#### EXERCISE
Once you find the line with "Definition right_adequate (A" in the entries below, return exactly every line from it through the line with "(forall a b, U a -> U b ->".

#### DATA RECORDS
******

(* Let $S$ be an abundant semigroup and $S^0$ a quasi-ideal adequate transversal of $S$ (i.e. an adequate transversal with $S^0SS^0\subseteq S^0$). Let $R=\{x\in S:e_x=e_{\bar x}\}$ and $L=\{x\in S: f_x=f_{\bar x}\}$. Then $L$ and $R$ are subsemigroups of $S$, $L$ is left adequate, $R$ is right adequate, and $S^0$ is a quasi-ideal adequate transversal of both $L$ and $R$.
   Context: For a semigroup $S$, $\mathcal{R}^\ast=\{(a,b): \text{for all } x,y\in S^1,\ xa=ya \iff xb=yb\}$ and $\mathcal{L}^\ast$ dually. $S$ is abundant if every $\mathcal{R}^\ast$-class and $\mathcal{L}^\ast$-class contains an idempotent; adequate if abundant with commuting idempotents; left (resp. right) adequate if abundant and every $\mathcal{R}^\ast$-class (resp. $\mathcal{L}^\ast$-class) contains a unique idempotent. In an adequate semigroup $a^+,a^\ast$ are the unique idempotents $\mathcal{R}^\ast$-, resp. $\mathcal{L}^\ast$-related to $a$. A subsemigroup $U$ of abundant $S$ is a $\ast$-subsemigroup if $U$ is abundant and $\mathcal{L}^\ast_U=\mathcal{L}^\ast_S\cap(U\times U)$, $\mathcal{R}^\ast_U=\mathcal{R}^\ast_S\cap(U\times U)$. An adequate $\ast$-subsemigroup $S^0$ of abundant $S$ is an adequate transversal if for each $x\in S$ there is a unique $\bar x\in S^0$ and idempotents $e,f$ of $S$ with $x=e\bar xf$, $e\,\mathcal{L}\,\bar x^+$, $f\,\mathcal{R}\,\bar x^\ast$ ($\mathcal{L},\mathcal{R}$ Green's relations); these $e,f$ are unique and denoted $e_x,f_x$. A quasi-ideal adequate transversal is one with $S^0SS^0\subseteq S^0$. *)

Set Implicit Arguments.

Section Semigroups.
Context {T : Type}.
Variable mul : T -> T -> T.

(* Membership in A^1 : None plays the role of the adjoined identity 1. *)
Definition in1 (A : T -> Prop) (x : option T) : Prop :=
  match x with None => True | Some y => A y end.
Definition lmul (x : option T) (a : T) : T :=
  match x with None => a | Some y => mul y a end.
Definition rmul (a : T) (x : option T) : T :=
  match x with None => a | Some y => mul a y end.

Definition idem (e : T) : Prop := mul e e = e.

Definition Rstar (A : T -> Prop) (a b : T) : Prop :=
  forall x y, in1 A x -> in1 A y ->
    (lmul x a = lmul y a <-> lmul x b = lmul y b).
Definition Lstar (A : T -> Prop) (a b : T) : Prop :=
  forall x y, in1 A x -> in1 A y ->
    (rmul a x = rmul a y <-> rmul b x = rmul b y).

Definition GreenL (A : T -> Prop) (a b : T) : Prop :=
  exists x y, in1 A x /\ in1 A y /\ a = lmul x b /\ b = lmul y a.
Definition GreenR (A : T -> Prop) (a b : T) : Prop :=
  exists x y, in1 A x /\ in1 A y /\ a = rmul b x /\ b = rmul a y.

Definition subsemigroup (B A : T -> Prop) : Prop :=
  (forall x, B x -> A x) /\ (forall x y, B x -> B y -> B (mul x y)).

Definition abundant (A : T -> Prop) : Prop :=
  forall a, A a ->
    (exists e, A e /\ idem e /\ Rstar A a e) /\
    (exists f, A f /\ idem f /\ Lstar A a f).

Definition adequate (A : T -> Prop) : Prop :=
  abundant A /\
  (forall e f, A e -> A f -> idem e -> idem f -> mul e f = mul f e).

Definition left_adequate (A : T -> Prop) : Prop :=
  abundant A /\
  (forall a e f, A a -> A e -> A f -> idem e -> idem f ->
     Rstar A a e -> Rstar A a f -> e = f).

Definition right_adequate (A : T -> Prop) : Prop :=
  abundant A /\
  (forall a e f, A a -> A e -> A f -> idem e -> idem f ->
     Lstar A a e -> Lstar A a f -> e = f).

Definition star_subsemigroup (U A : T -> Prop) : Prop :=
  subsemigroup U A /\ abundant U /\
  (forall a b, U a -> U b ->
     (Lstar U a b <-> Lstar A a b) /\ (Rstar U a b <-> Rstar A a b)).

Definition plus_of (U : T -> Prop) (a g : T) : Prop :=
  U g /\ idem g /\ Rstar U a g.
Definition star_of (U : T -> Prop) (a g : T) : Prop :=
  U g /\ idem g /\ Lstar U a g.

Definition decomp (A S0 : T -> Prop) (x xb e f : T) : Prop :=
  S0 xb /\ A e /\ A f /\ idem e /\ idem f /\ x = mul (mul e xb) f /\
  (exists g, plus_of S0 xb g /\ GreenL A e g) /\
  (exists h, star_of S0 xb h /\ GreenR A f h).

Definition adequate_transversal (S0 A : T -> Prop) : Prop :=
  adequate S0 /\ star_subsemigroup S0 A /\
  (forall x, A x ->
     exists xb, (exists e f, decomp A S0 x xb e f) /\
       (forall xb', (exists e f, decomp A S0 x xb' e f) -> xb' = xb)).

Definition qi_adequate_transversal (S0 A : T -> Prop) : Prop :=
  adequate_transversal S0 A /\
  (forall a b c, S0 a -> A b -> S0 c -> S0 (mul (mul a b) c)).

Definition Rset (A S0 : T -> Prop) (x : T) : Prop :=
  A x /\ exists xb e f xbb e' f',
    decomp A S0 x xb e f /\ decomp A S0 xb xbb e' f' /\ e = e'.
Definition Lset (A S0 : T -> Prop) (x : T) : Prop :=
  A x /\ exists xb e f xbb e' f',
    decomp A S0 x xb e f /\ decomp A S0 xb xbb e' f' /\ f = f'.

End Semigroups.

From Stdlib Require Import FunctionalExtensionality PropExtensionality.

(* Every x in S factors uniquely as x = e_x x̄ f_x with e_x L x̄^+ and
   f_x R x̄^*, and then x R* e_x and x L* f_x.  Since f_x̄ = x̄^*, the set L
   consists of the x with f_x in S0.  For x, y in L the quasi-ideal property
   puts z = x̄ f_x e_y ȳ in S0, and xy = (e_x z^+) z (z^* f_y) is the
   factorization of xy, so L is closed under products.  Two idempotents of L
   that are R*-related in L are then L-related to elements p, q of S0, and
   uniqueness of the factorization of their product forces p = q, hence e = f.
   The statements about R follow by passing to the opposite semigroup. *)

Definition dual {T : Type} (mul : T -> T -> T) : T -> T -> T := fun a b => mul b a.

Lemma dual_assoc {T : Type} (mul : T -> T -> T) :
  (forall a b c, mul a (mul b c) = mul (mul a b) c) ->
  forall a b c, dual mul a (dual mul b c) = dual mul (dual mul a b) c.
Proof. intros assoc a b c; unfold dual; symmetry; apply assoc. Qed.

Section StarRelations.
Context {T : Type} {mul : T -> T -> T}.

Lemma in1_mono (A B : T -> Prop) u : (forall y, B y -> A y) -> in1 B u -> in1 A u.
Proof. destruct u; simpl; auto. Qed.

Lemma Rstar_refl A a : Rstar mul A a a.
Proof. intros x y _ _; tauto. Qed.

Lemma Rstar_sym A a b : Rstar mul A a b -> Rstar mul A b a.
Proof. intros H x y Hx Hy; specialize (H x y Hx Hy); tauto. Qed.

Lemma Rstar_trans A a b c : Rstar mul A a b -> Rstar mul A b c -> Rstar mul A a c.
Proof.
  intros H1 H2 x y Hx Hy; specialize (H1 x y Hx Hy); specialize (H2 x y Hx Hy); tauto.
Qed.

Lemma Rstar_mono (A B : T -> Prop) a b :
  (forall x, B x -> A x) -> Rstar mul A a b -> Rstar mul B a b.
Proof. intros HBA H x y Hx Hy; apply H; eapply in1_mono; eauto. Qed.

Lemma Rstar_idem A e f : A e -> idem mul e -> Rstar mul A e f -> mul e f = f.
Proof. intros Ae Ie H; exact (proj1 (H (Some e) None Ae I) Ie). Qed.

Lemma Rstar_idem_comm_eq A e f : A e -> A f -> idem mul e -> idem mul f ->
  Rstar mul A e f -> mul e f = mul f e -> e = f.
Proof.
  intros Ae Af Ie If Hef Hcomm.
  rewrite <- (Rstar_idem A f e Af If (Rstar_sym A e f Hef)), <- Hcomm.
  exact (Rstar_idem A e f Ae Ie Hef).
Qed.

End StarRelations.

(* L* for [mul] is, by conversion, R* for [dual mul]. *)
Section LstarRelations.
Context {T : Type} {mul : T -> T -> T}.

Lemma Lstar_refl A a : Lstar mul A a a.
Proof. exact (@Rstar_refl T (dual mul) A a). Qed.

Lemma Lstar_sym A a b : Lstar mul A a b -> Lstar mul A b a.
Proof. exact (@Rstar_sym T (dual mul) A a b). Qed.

******

#### WORKED SOLUTION
Definition right_adequate (A : T -> Prop) : Prop :=
  abundant A /\
  (forall a e f, A a -> A e -> A f -> idem e -> idem f ->
     Lstar A a e -> Lstar A a f -> e = f).

Definition star_subsemigroup (U A : T -> Prop) : Prop :=
  subsemigroup U A /\ abundant U /\
  (forall a b, U a -> U b ->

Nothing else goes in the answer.